U.S. Supreme Court Justice Ruth Bader Ginsburg

U.S. Supreme Court Justice Ruth Bader Ginsburg

Jill Lepore is not a florid writer. No trickery with words. No embellishments to wow the reader. Rather, her writing typically demonstrates deep curiosity, methodical reporting, and clear connections. If another writer or student asks me for examples of intelligent, authoritative writing, one of the journalists I point them to is Lepore.

Which is why it’s so delightful to take note of the little moments of metaphor or loft that can be found sprinkled, with restraint, through her analytical pieces.

Jill Lepore

Jill Lepore

Last October, in a piece for The New Yorker, Lepore revisited the appointment of Ruth Bader Ginsburg to the U.S. Supreme Court. Called “Misjudged” in the print edition, the piece calls on readers to remember that Ginsburg’s journey — through the very male world of law, and long before opportunity was remotely equal — was far more nuanced than today’s portrayals of a feminist icon. Long before the planks and bobbleheads and bio-pics, Ginsburg was picking her way forward with deliberate, strategic steps.

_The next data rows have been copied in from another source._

(* Let $f:\mathbb{R}^n\to\mathbb{R}$ have $L$-Lipschitz continuous gradient ($L>0$), i.e. $\|\nabla f(x)-\nabla f(y)\|\le L\|x-y\|$ for all $x,y$, and satisfy the Polyak–Łojasiewicz condition with constant $\mu>0$: $f(x)-f^*\le \frac{1}{2\mu}\|\nabla f(x)\|^2$ for all $x\in\mathbb{R}^n$, where $f^*=f(x_* )$ for a minimizer $x_*$ of $f$. Let $\Delta>0$ and suppose that at every point $x$ an inexact gradient $\widetilde{\nabla}f(x)$ is available with $\nabla f(x)=\widetilde{\nabla}f(x)+v(x)$, $\|v(x)\|\le\Delta$. Consider the gradient method $x_{k+1}=x_k-\frac{1}{L}\widetilde{\nabla}f(x_k)$ started from $x_0$, and suppose the stopping criterion $\|\widetilde{\nabla}f(x_k)\|\le\sqrt{6}\,\Delta$ is satisfied for the first time at iteration $k=N$. Then the output point $\widehat{x}=x_N$ satisfies $$f(\widehat{x})-f^*\le\frac{7\Delta^2}{\mu},$$ and the number of iterations satisfies $$N<\frac{2L}{\Delta^2}\bigl(f(x_0)-f^*\bigr).$$
   Context: $\|\cdot\|$ is the Euclidean norm. ''Satisfied for the first time at iteration $N$'' means $\|\widetilde{\nabla}f(x_k)\|>\sqrt6\Delta$ for all $k=0,\dots,N-1$ and $\|\widetilde{\nabla}f(x_N)\|\le\sqrt6\Delta$. *)

From HB Require Import structures.
From mathcomp Require Import all_boot all_order all_algebra.
From mathcomp Require Import all_classical all_reals all_analysis.
Set Implicit Arguments. Unset Strict Implicit. Unset Printing Implicit Defensive.
Import Order.TTheory GRing.Theory Num.Theory.
Import numFieldNormedType.Exports.
Local Open Scope ring_scope.

(* Euclidean inner product and Euclidean norm on R^n (the library norm on
   matrices is the sup norm, so we define the Euclidean one explicitly). *)
Definition dotv {R : realType} {n : nat} (u v : 'rV[R]_n) : R :=
  \sum_(i < n) u ord0 i * v ord0 i.

Definition enorm {R : realType} {n : nat} (v : 'rV[R]_n) : R :=
  Num.sqrt (dotv v v).

Definition is_gradient {R : realType} {n : nat}
  (f : 'rV[R]_n -> R) (g : 'rV[R]_n -> 'rV[R]_n) : Prop :=
  forall x, differentiable f x /\ forall h, 'd f x h = dotv (g x) h.

From HB Require Import structures.
From mathcomp Require Import all_boot all_order all_algebra.
From mathcomp Require Import all_classical all_reals all_analysis.
From mathcomp Require Import ring lra.
Import Order.TTheory GRing.Theory Num.Theory.
Import numFieldNormedType.Exports.
Local Open Scope ring_scope.

(* Write g for the inexact gradient and v = grad f - g for its error, |v| <= Delta.
   The descent lemma f (y + d) <= f y + <grad f y, d> + L/2 |d|^2 (mean value theorem
   along the segment plus the Lipschitz bound) for the step d = - g / L, together with
   Young's inequality 2 <g, v> >= - |g|^2 / 2 - 2 |v|^2, shows that one step decreases f
   by at least (|g|^2 / 2 - 2 |v|^2) / (2 L), which exceeds Delta^2 / (2 L) as long as
   |g| > sqrt 6 Delta. Telescoping and f >= f* bound N. At the stopping point
   |grad f|^2 <= 2 (|g|^2 + |v|^2) <= 14 Delta^2, and the PL inequality turns this into
   the gap 7 Delta^2 / mu. *)

Lemma telescope_ltr (R : numDomainType) (a : nat -> R) (q : R) (N : nat) :
  (0 < N)%N -> (forall k, (k < N)%N -> q < a k - a k.+1) ->
  N%:R * q < a 0%N - a N.
Proof.
move=> N_gt0 step.
have -> : a 0%N - a N = \sum_(0 <= k < N) (a k - a k.+1).
  by rewrite -opprB -telescope_sumr // -sumrN; apply: eq_bigr => k _; rewrite opprB.
rewrite mulr_natl -[N in q *+ N]subn0 -sumr_const_nat.
by apply: ltr_sum_nat => // k /andP[_]; apply: step.
Qed.

Section EuclideanInnerProduct.
Context {R : realType} {n : nat}.
Implicit Types (u v w : 'rV[R]_n) (a s : R).

Lemma dotvC u v : dotv u v = dotv v u.
Proof. by apply: eq_bigr => i _; rewrite mulrC. Qed.

Lemma dotvDl u v w : dotv (u + v) w = dotv u w + dotv v w.
Proof. by rewrite /dotv -big_split; apply: eq_bigr => i _; rewrite mxE mulrDl. Qed.

Lemma dotvZl a u v : dotv (a *: u) v = a * dotv u v.
Proof. by rewrite /dotv mulr_sumr; apply: eq_bigr => i _; rewrite mxE mulrA. Qed.

Lemma dotvDr u v w : dotv u (v + w) = dotv u v + dotv u w.
Proof. by rewrite dotvC dotvDl !(dotvC u). Qed.

Lemma dotvZr a u v : dotv u (a *: v) = a * dotv u v.
Proof. by rewrite dotvC dotvZl dotvC. Qed.

Lemma dotvBl u v w : dotv (u - v) w = dotv u w - dotv v w.
Proof. by rewrite -scaleN1r dotvDl dotvZl mulN1r. Qed.

Lemma dotvv_ge0 u : 0 <= dotv u u.
Proof. by apply: sumr_ge0 => i _; rewrite -expr2 sqr_ge0. Qed.

Lemma enorm_sqr u : enorm u ^+ 2 = dotv u u.
Proof. by rewrite sqr_sqrtr // dotvv_ge0. Qed.

Lemma enorm_le_sqr u a : 0 <= a -> (enorm u <= a) = (dotv u u <= a ^+ 2).
Proof. by move=> a_ge0; rewrite -enorm_sqr ler_pXn2r // nnegrE sqrtr_ge0. Qed.

Lemma dotvDZ u v s :
  dotv (u + s *: v) (u + s *: v) = dotv u u + 2 * s * dotv u v + s ^+ 2 * dotv v v.
Proof.
rewrite !(dotvDl, dotvDr, dotvZl, dotvZr) (dotvC v u).
by rewrite expr2 mulr2n mulrDl mul1r !mulrA; lra.
Qed.

Lemma dotv_sqrD_le u v : dotv (u + v) (u + v) <= 2 * (dotv u u + dotv v v).
Proof.
have := dotvDZ u v 1; have := dotvDZ u v (-1); rewrite scale1r scaleN1r.
have := dotvv_ge0 (u - v); have := dotvv_ge0 (u + v); lra.
Qed.

Lemma young_dotv_ge u v : - (dotv u u / 4 + dotv v v) <= dotv u v.
Proof. have := dotvDZ u v 2; have := dotvv_ge0 (u + 2 *: v); lra. Qed.

Lemma dotv_le_of_sqr_le u v a :
  0 < a -> dotv u u <= a ^+ 2 * dotv v v -> dotv u v <= a * dotv v v.
Proof.
move=> a_gt0 uu_le; have := dotvDZ u v (- a); have := dotvv_ge0 (u + - a *: v).
rewrite sqrrN; nra.
Qed.

End EuclideanInnerProduct.

Section LipschitzGradient.
Local Open Scope classical_set_scope.
Context {R : realType} {n : nat} {f : 'rV[R]_n -> R} {gradf : 'rV[R]_n -> 'rV[R]_n}.
Context {L : R}.
Hypothesis f_grad : is_gradient f gradf.
Hypothesis L_gt0 : 0 < L.
Hypothesis gradf_lip : forall y z, enorm (gradf y - gradf z) <= L * enorm (y - z).

Lemma is_derive_line (y d : 'rV[R]_n) (t : R) :
  is_derive t 1 (fun s => f (y + s *: d)) (dotv (gradf (y + t *: d)) d).
Proof.
have [df dfE] := f_grad (y + t *: d).
have shiftE : (fun h => h^-1 *: (((fun s => f (y + s *: d)) \o shift t) (h *: 1)
                                - f (y + t *: d)))
  = (fun h => h^-1 *: ((f \o shift (y + t *: d)) (h *: d) - f (y + t *: d))).
  by apply/funext => h /=; rewrite [h *: 1]mulr1 scalerDl addrCA.
split; first by rewrite /derivable shiftE; exact: diff_derivable.
by rewrite /derive shiftE -/(derive f _ d) deriveE // dfE.
Qed.

Lemma dotv_gradf_line_le (y d : 'rV[R]_n) (t : R) : 0 < t ->
  dotv (gradf (y + t *: d)) d - dotv (gradf y) d <= L * t * dotv d d.
Proof.
move=> t_gt0; rewrite -dotvBl; apply: dotv_le_of_sqr_le; first exact: mulr_gt0.
have := gradf_lip (y + t *: d) y.
rewrite [y + _ - y]addrC addKr enorm_le_sqr; last by rewrite mulr_ge0 ?sqrtr_ge0 ?ltW.
by rewrite exprMn enorm_sqr dotvZl dotvZr mulrA -expr2 exprMn mulrA.
Qed.

Lemma descent_lemma (y d : 'rV[R]_n) :
  f (y + d) <= f y + dotv (gradf y) d + L / 2 * dotv d d.
Proof.
pose c := dotv (gradf y) d; pose D := dotv d d.
pose psi := (fun s => f (y + s *: d)) - c \*: id - (L / 2 * D) \*: (id * id).
have psi_derive (t : R) : is_derive t 1 psi (dotv (gradf (y + t *: d)) d - c - L * D * t).
  have line_derive := is_derive_line y d t; apply: is_derive_eq.
  by rewrite /GRing.scale /=; lra.
have psi_cont : {within `[0, 1], continuous psi}.
  by apply: derivable_within_continuous => t _; case: (psi_derive t).
have [t] := MVT ltr01 (fun t _ => psi_derive t) psi_cont.
rewrite in_itv /= => /andP[t_gt0 _] psi1.
have psiE s : psi s = f (y + s *: d) - c * s - L / 2 * D * (s * s) by [].
have := dotv_gradf_line_le y d t t_gt0; move: psi1.
by rewrite !psiE scale1r scale0r addr0 /c /D; lra.
Qed.

Lemma inexact_gradient_step (y g : 'rV[R]_n) :
  f (y - L^-1 *: g) <=
  f y - (2 * L)^-1 * (dotv g g / 2 - 2 * dotv (gradf y - g) (gradf y - g)).
Proof.
set v := gradf y - g; have gradfE : gradf y = g + v by rewrite addrC subrK.
have := descent_lemma y (- (L^-1 *: g)).
rewrite -scaleNr !(dotvZr, dotvZl) gradfE dotvDl (dotvC v).
have -> : L / 2 * (- L^-1 * (- L^-1 * dotv g g)) = L^-1 / 2 * dotv g g.
  by field; rewrite gt_eqF.
rewrite invfM.
have Linv_ge0 : 0 <= L^-1 by rewrite invr_ge0 ltW.
have := ler_wpM2l Linv_ge0 (young_dotv_ge g v).
lra.
Qed.

Lemma inexact_step_decrease {y g : 'rV[R]_n} {Delta : R} :
  enorm (gradf y - g) <= Delta -> Num.sqrt 6 * Delta < enorm g ->
  Delta ^+ 2 / (2 * L) < f y - f (y - L^-1 *: g).
Proof.
move=> noise big; have Delta_ge0 : 0 <= Delta := le_trans (sqrtr_ge0 _) noise.
move: noise big; rewrite enorm_le_sqr // ltNge enorm_le_sqr; last first.
  by rewrite mulr_ge0 ?sqrtr_ge0.
rewrite -ltNge exprMn sqr_sqrtr // => vv_le gg_gt.
have : Delta ^+ 2 < dotv g g / 2 - 2 * dotv (gradf y - g) (gradf y - g) by lra.
rewrite -(ltr_pM2l (_ : 0 < (2 * L)^-1)) ?invr_gt0 ?mulr_gt0 // mulrC.
have := inexact_gradient_step y g; lra.
Qed.
End LipschitzGradient.

Lemma pl_gap_le_inexact {R : realType} {n : nat}
    {f : 'rV[R]_n -> R} {gradf : 'rV[R]_n -> 'rV[R]_n} {fstar mu Delta b : R}
    {y g : 'rV[R]_n} :
  0 < mu -> f y - fstar <= (2 * mu)^-1 * enorm (gradf y) ^+ 2 ->
  enorm (gradf y - g) <= Delta -> enorm g <= b ->
  f y - fstar <= (b ^+ 2 + Delta ^+ 2) / mu.
Proof.
move=> mu_gt0 PL noise g_le; apply: le_trans PL _.
have Delta_ge0 : 0 <= Delta := le_trans (sqrtr_ge0 _) noise.
have b_ge0 : 0 <= b := le_trans (sqrtr_ge0 _) g_le.
move: noise g_le; rewrite !enorm_le_sqr // enorm_sqr => vv_le gg_le.
have := dotv_sqrD_le g (gradf y - g); rewrite addrCA subrr addr0 => grad_le.
rewrite invfM mulrAC; apply: ler_wpM2r; first by rewrite invr_ge0 ltW.
lra.
Qed.

Theorem theorem2 (R : realType) (n : nat)
  (f : 'rV[R]_n -> R) (gradf : 'rV[R]_n -> 'rV[R]_n)
  (L mu Delta : R) (xstar : 'rV[R]_n)
  (gt : 'rV[R]_n -> 'rV[R]_n) (x : nat -> 'rV[R]_n) (N : nat) :
  is_gradient f gradf ->
  0 < L ->
  (forall y z, enorm (gradf y - gradf z) <= L * enorm (y - z)) ->
  (forall y, f xstar <= f y) ->
  0 < mu ->
  (forall y, f y - f xstar <= (2 * mu)^-1 * enorm (gradf y) ^+ 2) ->
  0 < Delta ->
  (forall y, enorm (gradf y - gt y) <= Delta) ->
  (forall k, x k.+1 = x k - L^-1 *: gt (x k)) ->
  (forall k, (k < N)%N -> Num.sqrt 6 * Delta < enorm (gt (x k))) ->
  enorm (gt (x N)) <= Num.sqrt 6 * Delta ->
  f (x N) - f xstar <= 7 * Delta ^+ 2 / mu /\
  (N%:R < 2 * L / Delta ^+ 2 * (f (x 0%N) - f xstar)
   \/ (N = 0%N /\ f (x 0%N) = f xstar)).
Proof.
move=> f_grad L_gt0 gradf_lip f_min mu_gt0 PL Delta_gt0 noise iterate before stop.
split.
  apply: le_trans (pl_gap_le_inexact mu_gt0 (PL (x N)) (noise (x N)) stop) _.
  by rewrite exprMn sqr_sqrtr //; lra.
have decrease k : (k < N)%N -> Delta ^+ 2 / (2 * L) < f (x k) - f (x k.+1).
  move=> kN; rewrite iterate.
  exact (inexact_step_decrease f_grad L_gt0 gradf_lip (noise _) (before k kN)).
have q_gt0 : 0 < Delta ^+ 2 / (2 * L) by rewrite divr_gt0 ?mulr_gt0 ?exprn_gt0.
have [N0 | N_gt0] := posnP N.
  subst N; have [f0E | f0_neq] := eqVneq (f (x 0%N)) (f xstar); first by right.
  left; rewrite mulr_gt0 ?divr_gt0 ?mulr_gt0 ?exprn_gt0 // subr_gt0.
  by rewrite lt_def f0_neq f_min.
left; have := @telescope_ltr _ (fun k => f (x k)) _ _ N_gt0 decrease.
have -> : 2 * L / Delta ^+ 2 * (f (x 0%N) - f xstar)
        = (f (x 0%N) - f xstar) / (Delta ^+ 2 / (2 * L)).
  by field; rewrite !gt_eqF // exprn_gt0.
have := f_min (x N); rewrite ltr_pdivlMr //; lra.
Qed.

Among those steps are the ones that led to passage of Roe v Wade, which has been under attack since its passage in 1973. And at the heart of Lepore’s exploration of Ginsburg the lawyer — versus Ginsburg the pop-culture star — is her role in that case. In particular, Lepore poses the possibility that bringing a different case forward — Struck v Struck rather than Roe — might have made abortion attack-proof, and ensured other advances such as the Equal Rights Amendment. As Lepore notes:

If Struck was Ginsburg’s next, carefully placed stepping stone across a wide river, Roe was a rickety wooden plank thrown down across the water and—Ginsburg thought—likely to rot.

Which brings us to that simple but lofty sentence, in which Lepore pulls out of her grounded legal analysis and pauses to note that choices are made and have consequences, and that do-overs are the stuff of fantasy.

“There are more what-ifs than stars in the sky.”

In a single sentence, Lepore makes me think about so much more than a single legal ruling.